Cheryl Anderson appeals from judgment on a jury verdict after her motion for new trial was denied. On February 14, 1981, she wrecked the Mercury she was driving in attempting to avoid the vehicle of Harold Williams which was parked on a bridge at night with no visible lights. A few days later, she was treated for injuries she received in the collision. Then on February 21, 1981, she was involved in another automobile collision. She also suffered injuries from that incident for which she recovered damages as a result of a settlement of her claim.
Anderson sued Williams and served Continental Insurance Company as an uninsured motorist carrier pursuant to OCGA § 33-7-11. She sought recovery for hospital expenses, for damages to the automobile and for pain and suffering. The Mercury was insured under a Continental policy naming as insured Charles Anderson, from whom she was divorced on February 5, 1981. Under the terms of a settlement agreement incorporated into the decree, the automobile which was titled to Charles and financed through Ford Motor Credit was apportioned to Cheryl. She was to make payments and upon completion Charles was to convey title to her.
Continental answered the complaint and asserted as a defense that the policy did not afford uninsured coverage on the claim against Williams. Prior to trial, Continental admitted that Williams’ negligence was the proximate cause of the collision and under the pretrial order Charles was eliminated as a party to the case.
*131At the trial Ms. Anderson sought recovery only for her pain and suffering and damages to the Mercury. Continental sought to establish she had already recovered for all her personal injuries because of the settlement of the February 21 claim and neither she nor the vehicle she was driving on February 14 was covered under the policy issued to Charles.
The jury awarded her damages for the automobile but none for her pain and suffering. It further found that Charles did not have an insurable interest in the Mercury on February 14 and thus there was no uninsured motorist coverage provided. Judgment was entered on the verdict and Anderson’s motion for new trial was denied.
She enumerates four errors: 1) failure of the trial court to direct a finding that the insurance policy was binding upon the insurer; 2) deprivation of her right to open and close; 3) inadmissibility of PIP benefits paid to her; 4) allowing evidence of her recovery for pain and suffering in another case.
These enumerations of error were waived by appellant in the proceedings below and thus preclude our review.
1. As to the first enumeration, counsel for plaintiff agreed to “go along with” the ruling of the trial court on whether there was an issue as to insurable interest. Acquiescence in the ruling eliminates complaint. Upshaw v. Cooper, 127 Ga. App. 690, 692 (1) (194 SE2d 618) (1972); J & F Car Care Svc. v. Russell Corp., 166 Ga. App. 888 (305 SE2d 504) (1983); Allen v. Allen, 198 Ga. 267 (31 SE2d 481) (1944). Moreover, the basis asserted below is not the one argued here. Glenridge Unit Owners Assn. v. Felton, 183 Ga. App. 858, 860 (5) (360 SE2d 418) (1987).
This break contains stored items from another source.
Lemma all2_leq_nth (s t : seq nat) : size s = size t ->
  (forall i, i < size s -> nth 0 s i <= nth 0 t i) -> all2 leq s t.
Proof.
elim: s t => [|x s IH] [|y t] //= [st] le_st.
by rewrite (le_st 0) //= IH // => i; apply: (le_st i.+1).
Qed.

Lemma leq_seq_wqo W : wqo_on (fun u : seq nat => size u <= W) (fun u v => all2 leq u v).
Proof.
have leq_vec := wqo_on_vec (P := fun _ _ => True) (R := fun _ => leq) (fun a _ => leq_wqo).
apply: (wqo_on_comap (F := fun u => (size u, nth 0 u)))
  (wqo_on_prod (bounded_eq_wqo (N := W)) (leq_vec W)) _ _ => //=.
move=> u v uW _ [uv le_uv]; apply: all2_leq_nth => // i iu.
by apply: le_uv; apply: leq_trans uW.
Qed.

Lemma onth_exists {T : Type} (s : seq T) i : i < size s -> exists x, onth s i = Some x.
Proof. by rewrite -onthTE; case: onth => // x _; exists x. Qed.

Lemma onth_filter {T : Type} (p : pred T) s i x : onth (filter p s) i = Some x -> p x.
Proof.
elim: s i => [|y s IH] i; first by rewrite onth0n.
rewrite /=; case: ifP => py; last exact: IH.
by case: i => [[<-]|i /IH].
Qed.

Lemma size_onth_le_max {T : Type} (L : seq (seq T)) j d :
  onth L j = Some d -> size d <= \max_(e <- L) size e.
Proof.
elim: L j => [|e L IH] [|j] //=; rewrite big_cons; first by case=> <-; apply: leq_maxl.
by move/IH/leq_trans; apply; apply: leq_maxr.
Qed.

Lemma Forall2_onth {A B : Type} (R : A -> B -> Prop) xs ys x0 i y :
  List.Forall2 R xs ys -> onth ys i = Some y -> R (nth x0 xs i) y.
Proof.
move=> Rxy; elim: Rxy i => [|x y' xs' ys' Rxy _ IH] [|i] //=; first by case=> <-.
exact: IH.
Qed.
2. As to the second enumeration, plaintiff relies upon the rule that the right to open and close are lost if defendant introduces evidence of facts which are material to the defense. Justice v. Ga. Power Co., 164 Ga. App. 599 (1) (298 SE2d 579) (1982). She contends that defendant did not admit a prima facie case and introduced seventeen exhibits which forfeited its right.
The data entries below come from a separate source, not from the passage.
(* Let $D$ be a $3$-dicritical digraph, let $T$ be a subdigraph of $D$ that is a tournament, and let $S$ be a set of vertices of $T$ inducing a transitive tournament in $T$, with acyclic ordering $v_1,\dots,v_s$. Then for every $x\in V(T)\setminus S$ there is an increasing sequence of intervals $(I_1,I_2,I_3,I_4)$ of $S$ with $I_1\cup I_2\cup I_3\cup I_4=S$ such that, in $T$, $x$ dominates $I_1\cup I_3$ and $x$ is dominated by $I_2\cup I_4$.
   Context: A $2$-dicolouring is a map to $\{1,2\}$ whose colour classes induce acyclic subdigraphs. $D$ is $3$-dicritical if $D$ has no $2$-dicolouring but every proper subdigraph has one. A tournament has exactly one arc between any two distinct vertices; it is transitive if acyclic, and then its acyclic ordering $v_1,\dots,v_s$ is the unique ordering with every arc $v_iv_j$ satisfying $i<j$. An interval of $S$ is a set $\{v_i,\dots,v_j\}$ for $i,j\in[s]$ (possibly empty). An interval $\{v_{i_0},\dots,v_{j_0}\}$ is smaller than $\{v_{i_1},\dots,v_{j_1}\}$ if $j_0<i_1$; by convention the empty interval is both smaller and greater than every interval. A sequence $P_1,\dots,P_t$ of intervals is increasing if $P_i$ is smaller than $P_j$ whenever $i<j$. A vertex $x$ dominates a set $Y$ (and $Y$ is dominated by $x$) if $xy$ is an arc for every $y\in Y$. *)

From mathcomp Require Import all_boot.
Set Implicit Arguments. Unset Strict Implicit. Unset Printing Implicit Defensive.

Section Digraphs.
Variable V : finType.

Definition acyclic_on (Y : {set V}) (B : rel V) : Prop :=
  forall p : seq V, p != [::] -> all (fun v => v \in Y) p -> ~~ cycle B p.

Definition subdigraph (A : rel V) (X : {set V}) (B : rel V) : Prop :=
  forall x y, B x y -> [&& x \in X, y \in X & A x y].

Definition proper_subdigraph (A : rel V) (X : {set V}) (B : rel V) : Prop :=
  subdigraph A X B /\ (X != setT \/ exists x y, A x y && ~~ B x y).

Definition dicolouring2 (X : {set V}) (B : rel V) (c : V -> bool) : Prop :=
  forall b : bool, acyclic_on [set v in X | c v == b] B.

Definition dicolourable2 (X : {set V}) (B : rel V) : Prop :=
  exists c : V -> bool, dicolouring2 X B c.

Definition dicritical3 (A : rel V) : Prop :=
  [/\ irreflexive A, ~ dicolourable2 setT A &
      forall X B, proper_subdigraph A X B -> dicolourable2 X B].

Definition is_tournament (X : {set V}) (B : rel V) : Prop :=
  (forall x y, B x y -> (x \in X) && (y \in X)) /\ irreflexive B /\
  forall x y, x \in X -> y \in X -> x != y -> (B x y) (+) (B y x).

(* s lists a set S of vertices of T = (X, B) that induces a transitive
   tournament, and s is its acyclic ordering (every arc goes forward). *)
Definition transitive_ordering (X : {set V}) (B : rel V) (s : seq V) : Prop :=
  [/\ uniq s, {subset s <= X}, acyclic_on [set v in s] B &
      forall y z, y \in s -> z \in s -> B y z -> index y s < index z s].

(* Intervals of S w.r.t. the ordering s (0-based indices; empty if i > j). *)
Definition is_interval (s : seq V) (I : {set V}) : Prop :=
  exists i j : nat, I = [set v in s | i <= index v s <= j].

(* I smaller than J (empty interval is smaller and greater than all). *)
Definition smaller (s : seq V) (I J : {set V}) : bool :=
  [|| I == set0, J == set0 |
      [forall y in I, forall z in J, index y s < index z s]].

Definition increasing_intervals (s : seq V) (P : seq {set V}) : Prop :=
  (forall I, I \in P -> is_interval s I) /\
  forall i j, i < j -> j < size P -> smaller s (nth set0 P i) (nth set0 P j).

End Digraphs.

From mathcomp Require Import all_boot zify.
Set Implicit Arguments. Unset Strict Implicit. Unset Printing Implicit Defensive.

(* If, along the acyclic ordering of S, x were dominated by v_i, dominated v_j,
   were dominated by v_k and dominated v_l (i < j < k < l), then x v_j v_k would
   be a directed triangle all of whose vertices are out-neighbours of v_i and
   in-neighbours of v_l, and v_i v_l is an arc. A 3-dicritical digraph has no such
   configuration: 2-dicolour D minus the arc v_i v_l; some vertex u of the triangle
   gets the colour of v_i, and replacing v_i v_l by v_i u v_l in a monochromatic
   closed walk shows that the colouring is a 2-dicolouring of D. So the vertices
   of S dominated by x and those dominating x form at most four alternating
   blocks of the ordering, which are the required intervals. *)

Section Detour.
Variables (T : eqType) (a d v : T).

Fixpoint detour (x : T) (s : seq T) : seq T :=
  if s is y :: s' then
    (if (x == a) && (y == d) then [:: v; y] else [:: y]) ++ detour y s'
  else [::].

Lemma last_detour s x : last x (detour x s) = last x s.
Proof. by elim: s x => [|y s IHs] x //=; rewrite last_cat; case: ifP. Qed.

Lemma detour_nil s x : (detour x s == [::]) = (s == [::]).
Proof. by case: s => [|y s] //=; case: ifP. Qed.

Lemma all_detour (Y : pred T) : (Y a -> Y v) ->
  forall s x, Y x -> all Y s -> all Y (detour x s).
Proof.
move=> Yv; elim=> [|y s IHs] x //= Yx /andP[Yy Ys]; rewrite all_cat IHs // andbT.
by case: ifP => [/andP[/eqP xa _]|_] /=; rewrite Yy ?Yv -?xa.
Qed.

Lemma detour_path (R R' : rel T) :
  (forall u w, R u w -> R' u w || (u == a) && (w == d)) -> R' a v -> R' v d ->
  forall s x, path R x s -> path R' x (detour x s).
Proof.
move=> RR' R'av R'vd; elim=> [|y s IHs] x //= /andP[Rxy Rs].
case: ifP => [/andP[/eqP xa /eqP yd]|xy] /=; rewrite IHs // andbT.
  by rewrite xa yd R'av R'vd.
by have /orP[-> //|] := RR' _ _ Rxy; rewrite xy.
Qed.

End Detour.

Lemma acyclic_on_detour (V : finType) (Y : {set V}) (R R' : rel V) a d v :
  (forall u w, R u w -> R' u w || (u == a) && (w == d)) -> R' a v -> R' v d ->
  (a \in Y -> v \in Y) -> acyclic_on Y R' -> acyclic_on Y R.
Proof.
move=> RR' R'av R'vd Yv acycR' [|x p] // _ /= /andP[Yx Yp]; apply/negP => cycR.
have [q walkE] : exists q, detour a d v x (rcons p x) = rcons q x.
  have := last_detour a d v (rcons p x) x; have := detour_nil a d v (rcons p x) x.
  case/lastP: (detour _ _ _ _ _) => [|q z]; first by rewrite eqxx -size_eq0 size_rcons.
  by rewrite !last_rcons => _ ->; exists q.
have := detour_path RR' R'av R'vd cycR; rewrite walkE => walk.
have : all (fun u => u \in Y) (detour a d v x (rcons p x)).
  by apply: all_detour => //; rewrite all_rcons Yx.
rewrite walkE all_rcons => /andP[_ Yq].
by move: (acycR' (x :: q) isT); rewrite /= Yx Yq walk => /(_ isT).
Qed.

Lemma dicritical3_cycle_between (V : finType) (A : rel V) a d (t : seq V) :
  dicritical3 A -> A a d -> t != [::] -> {in t, forall u, A a u && A u d} ->
  ~~ cycle A t.
Proof.
case=> irrA not_col crit Aad t_n0 between; apply/negP => cycAt.
pose A' := [rel u w | A u w && ((u, w) != (a, d))].
have A'_out u w : A u w -> u != a -> A' u w.
  by move=> Auw ua; rewrite /= Auw xpair_eqE negb_and ua.
have A'_in u w : A u w -> w != d -> A' u w.
  by move=> Auw wd; rewrite /= Auw xpair_eqE negb_and wd orbT.
have neq_of_arc u w : A u w -> u != w by apply: contraTneq => ->; rewrite irrA.
have [phi colphi] : dicolourable2 setT A'.
  apply: crit; split; first by move=> u w /andP[Auw _]; rewrite !inE.
  by right; exists a, d; rewrite /= Aad eqxx.
have [u ut phiu] : exists2 u, u \in t & phi u = phi a.
  suff /hasP[u ut /eqP phiu] : has (fun u => phi u == phi a) t by exists u.
  apply/negPn/negP => /hasPn no_col.
  have cycA't : cycle A' t.
    apply: (@sub_in_cycle _ [pred u | u \in t] _ _ _ _ _ cycAt); last exact/allP.
    move=> u w ut _ Auw; apply: A'_out Auw _.
    by rewrite eq_sym; apply: neq_of_arc; case/andP: (between u ut).
  have col_t : all (fun u => u \in [set v in [set: V] | phi v == ~~ phi a]) t.
    apply/allP => u /no_col; rewrite !inE.
    by case: (phi u) (phi a) => [] [].
  by move: (colphi (~~ phi a) t t_n0 col_t); rewrite cycA't.
have /andP[Aau Aud] := between u ut.
apply: not_col; exists phi => k.
apply: (acyclic_on_detour (R' := A') _ (A'_in _ _ Aau _) (A'_out _ _ Aud _)).
- move=> w z Awz; rewrite /= Awz xpair_eqE.
  by case: (_ == _) (_ == _) => [] [].
- exact: neq_of_arc Aud.
- by rewrite eq_sym; apply: neq_of_arc Aau.
- by rewrite !inE phiu.
- exact: colphi.
Qed.

Lemma first_hit (P : pred nat) m n : m <= n ->
  exists k, [/\ m <= k <= n, forall i, m <= i < k -> ~~ P i & k < n -> P k].
Proof.
move=> mn; have [l ->] : exists l, n = m + l by exists (n - m); lia.
elim: l m {mn} => [|l IHl] m.
  by exists m; rewrite addn0 ltnn leqnn; split=> // i; lia.
case Pm: (P m).
  by exists m; split=> [||_] //; [lia | move=> i; lia].
have [k [mk kbef kP]] := IHl m.+1; exists k; rewrite addnS -addSn; split=> //; first lia.
move=> i /andP[mi ik]; have [<-|mi'] := eqVneq m i; first by rewrite Pm.
by apply: kbef; lia.
Qed.

Lemma four_blocks (P : pred nat) n :
  (forall i j k l, i < j -> j < k -> k < l -> l < n ->
     ~~ P i -> P j -> ~~ P k -> P l -> False) ->
  exists p1 p2 p3, [/\ p1 <= p2 <= p3, p3 <= n &
    forall i, i < n -> P i = (i < p1) || (p2 <= i < p3)].
Proof.
move=> no_alt.
have [p1 [/andP[_ p1n] bef1 at1]] := first_hit (predC P) (leq0n n).
have [p2 [/andP[p12 p2n] bef2 at2]] := first_hit P p1n.
have [p3 [/andP[p23 p3n] bef3 at3]] := first_hit (predC P) p2n.
have after3 i : p3 <= i < n -> ~~ P i.
  move=> /andP[p3i ilt]; apply/negP => Pi.
  have nP1 : ~~ P p1 by apply: at1; lia.
  have P2 : P p2 by apply: at2; lia.
  have nP3 : ~~ P p3 by apply: at3; lia.
  apply: (no_alt p1 p2 p3 i) => //.
  - by rewrite ltn_neqAle p12 andbT; apply: contraNneq nP1 => ->.
  - by rewrite ltn_neqAle p23 andbT; apply: contraNneq nP3 => <-.
  - by rewrite ltn_neqAle p3i andbT; apply: contraNneq nP3 => ->.
exists p1, p2, p3; split=> [||i ilt]; rewrite ?p12 ?p23 //.
case: (ltnP i p1) => [ip1|p1i] /=; first by apply/negPn/bef1; lia.
case: (ltnP i p2) => [ip2|p2i] /=; first by apply/negbTE/bef2; lia.
case: (ltnP i p3) => [ip3|p3i] /=; first by apply/negPn/bef3; lia.
by apply/negbTE/after3; lia.
Qed.

Lemma subdigraph_cycle_between (V : finType) (A : rel V) (X : {set V}) (B : rel V)
    a d (t : seq V) :
  dicritical3 A -> subdigraph A X B -> B a d -> t != [::] ->
  {in t, forall u, B a u && B u d} -> ~~ cycle B t.
Proof.
move=> crit subB Bad t_n0 between; have BA : subrel B A by move=> u w /subB/and3P[].
apply: (contra (@sub_cycle _ _ _ BA t)).
apply: dicritical3_cycle_between crit (BA _ _ Bad) t_n0 _.
by move=> u /between/andP[Bau Bud]; rewrite !BA.
Qed.

Section Slices.
Variables (V : finType) (s : seq V).

Definition slice (m n : nat) : {set V} := [set v in s | m <= index v s < n].

Lemma slice_interval m n : is_interval s (slice m n).
Proof.
case: n => [|n]; last by exists m, n; apply/setP => v; rewrite !inE.
by exists 1, 0; apply/setP => v; rewrite !inE ltn0 andbF; case: (index v s).
Qed.

Lemma smaller_slice m n m' n' : n <= m' -> smaller s (slice m n) (slice m' n').
Proof.
move=> nm'; apply/or3P/Or33/forall_inP => y; rewrite inE => /and3P[_ _ yn].
by apply/forall_inP => z; rewrite inE => /and3P[_ m'z _]; lia.
Qed.

Lemma increasing_slices4 p1 p2 p3 n : p1 <= p2 <= p3 ->
  increasing_intervals s [:: slice 0 p1; slice p1 p2; slice p2 p3; slice p3 n].
Proof.
move=> /andP[p12 p23]; split.
  by move=> I; rewrite !inE => /or4P[] /eqP->; apply: slice_interval.
move=> i j ij; case: j ij => [|[|[|[|j]]]] //; case: i => [|[|[|i]]] //= _ _;
  apply: smaller_slice; lia.
Qed.

Lemma cover_slices4 p1 p2 p3 : p1 <= p2 <= p3 -> p3 <= size s ->
  slice 0 p1 :|: slice p1 p2 :|: slice p2 p3 :|: slice p3 (size s) = [set v in s].
Proof.
move=> /andP[p12 p23] p3n; apply/setP => v; rewrite !inE.
rewrite -!andb_orr -[RHS]andbT; apply: andb_id2l => vs.
by have := index_mem v s; rewrite vs leq0n /=; lia.
Qed.

End Slices.

Lemma tournament_arcN (V : finType) (X : {set V}) (B : rel V) x y :
  is_tournament X B -> x \in X -> y \in X -> x != y -> ~~ B x y -> B y x.
Proof. by case=> _ [_ tour] xX yX /(tour x y xX yX); case: (B x y). Qed.

Lemma transitive_ordering_arc (V : finType) (X : {set V}) (B : rel V) s x0 i j :
  is_tournament X B -> transitive_ordering X B s -> i < j < size s ->
  B (nth x0 s i) (nth x0 s j).
Proof.
move=> tourB [uniq_s sub_s _ forward] /andP[ij js].
have ilt : i < size s by apply: ltn_trans js.
have [si sj] := (mem_nth x0 ilt, mem_nth x0 js).
apply/negPn/negP => /(tournament_arcN tourB (sub_s _ si) (sub_s _ sj)).
rewrite nth_uniq // (ltn_eqF ij) => /(_ isT) /(forward _ _ sj si).
by rewrite !index_uniq // ltnNge (ltnW ij).
Qed.

Lemma dicritical3_no_alternation (V : finType) (A : rel V) (X : {set V}) (B : rel V)
    (s : seq V) x :
  dicritical3 A -> subdigraph A X B -> is_tournament X B ->
  transitive_ordering X B s -> x \in X -> x \notin s ->
  forall i j k l, i < j -> j < k -> k < l -> l < size s ->
    ~~ B x (nth x s i) -> B x (nth x s j) -> ~~ B x (nth x s k) -> B x (nth x s l) ->
  False.
Proof.
move=> crit subB tourB ordS xX xs i j k l ij jk kl ls nBxi Bxj nBxk Bxl.
pose sn n := nth x s n.
have forward m n : m < n < size s -> B (sn m) (sn n) :=
  transitive_ordering_arc x tourB ordS.
have backward n : n < size s -> ~~ B x (sn n) -> B (sn n) x.
  case: ordS => _ sub_s _ _ ns; have sn_in := mem_nth x ns.
  by apply: tournament_arcN tourB xX (sub_s _ sn_in) _; apply: contraNneq xs => ->.
have Bix : B (sn i) x by apply: backward nBxi; lia.
have Bkx : B (sn k) x by apply: backward nBxk; lia.
have between : {in [:: x; sn j; sn k], forall u, B (sn i) u && B u (sn l)}.
  by move=> u; rewrite !inE => /or3P[] /eqP->; rewrite ?Bix ?Bxl ?Bkx ?forward //=; lia.
have := subdigraph_cycle_between (t := [:: x; sn j; sn k]) crit subB
  (forward i l _) isT between.
by rewrite /= Bxj Bkx forward //=; lia.
Qed.

Theorem lemma16 (V : finType) (A : rel V) (X : {set V}) (B : rel V)
    (s : seq V) (x : V) :
  dicritical3 A -> subdigraph A X B -> is_tournament X B ->
  transitive_ordering X B s -> x \in X -> x \notin s ->
  exists I1 I2 I3 I4 : {set V},
    [/\ increasing_intervals s [:: I1; I2; I3; I4],
        I1 :|: I2 :|: I3 :|: I4 = [set v in s],
        {in I1 :|: I3, forall y, B x y} &
        {in I2 :|: I4, forall y, B y x}].
Proof.
move=> crit subB tourB ordS xX xs; have [_ sub_s _ _] := ordS.
have [p1 [p2 [p3 [p123 p3n blocks]]]] := four_blocks (P := fun i => B x (nth x s i))
  (dicritical3_no_alternation crit subB tourB ordS xX xs).
have in_slice y m n : y \in slice s m n ->
    [/\ y \in s, m <= index y s < n & B x y = (index y s < p1) || (p2 <= index y s < p3)].
  rewrite inE => /andP[ys bounds]; split=> //.
  by rewrite -{1}(nth_index x ys) blocks ?index_mem.
exists (slice s 0 p1), (slice s p1 p2), (slice s p2 p3), (slice s p3 (size s)).
split; [exact: increasing_slices4 | exact: cover_slices4 | |].
- by move=> y /setUP[] /in_slice[_ bounds ->]; lia.
- move=> y /setUP[] /in_slice[ys bounds Bxy].
  all: apply: tournament_arcN tourB xX (sub_s _ ys) _ _.
  all: by [apply: contraNneq xs => -> | rewrite Bxy; lia].
Qed.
During the trial plaintiff’s objection was made only when defendant sought to introduce certain depositions, and not for the reason that defense exhibits were introduced during examination of plaintiff’s witnesses. Upon the trial court’s ruling that the depositions would deprive defendant of the opening and conclusion, it withdrew them. This ground reveals no error. MacDonald v. MacDonald, 156 Ga. App. 565, 566 (1) (275 SE2d 142) (1980).
3. Plaintiff did not object to the introduction of evidence of PIP benefits and cannot complain at this stage. Hall v. Robinson, 165 Ga. App. 410, 412 (4) (300 SE2d 521) (1983).
4. Counsel for plaintiff agreed not to object to evidence of recovery for injuries which Continental contended encompassed those *132which Anderson testified had resulted from the February 14 occurrence. Continental’s purpose was to show the injuries actually arose from other incidents and not from the collision in question. “ ‘(T)hat to which opposing counsel agree during the progress of a trial cannot be assigned as error.’ ” Ga. Power Co. v. Bishop, 162 Ga. App. 122, 124 (5) (290 SE2d 328) (1982). See Rosenthal v. Hudson, 183 Ga. App. 712, 713 (2) (360 SE2d 15) (1987).
Decided July 3, 1989. D. Duston Tapley, Jr., for appellant. Wilson R. Smith, for appellee.Judgment affirmed.
Carley, C. J., and McMurray, P. J., concur.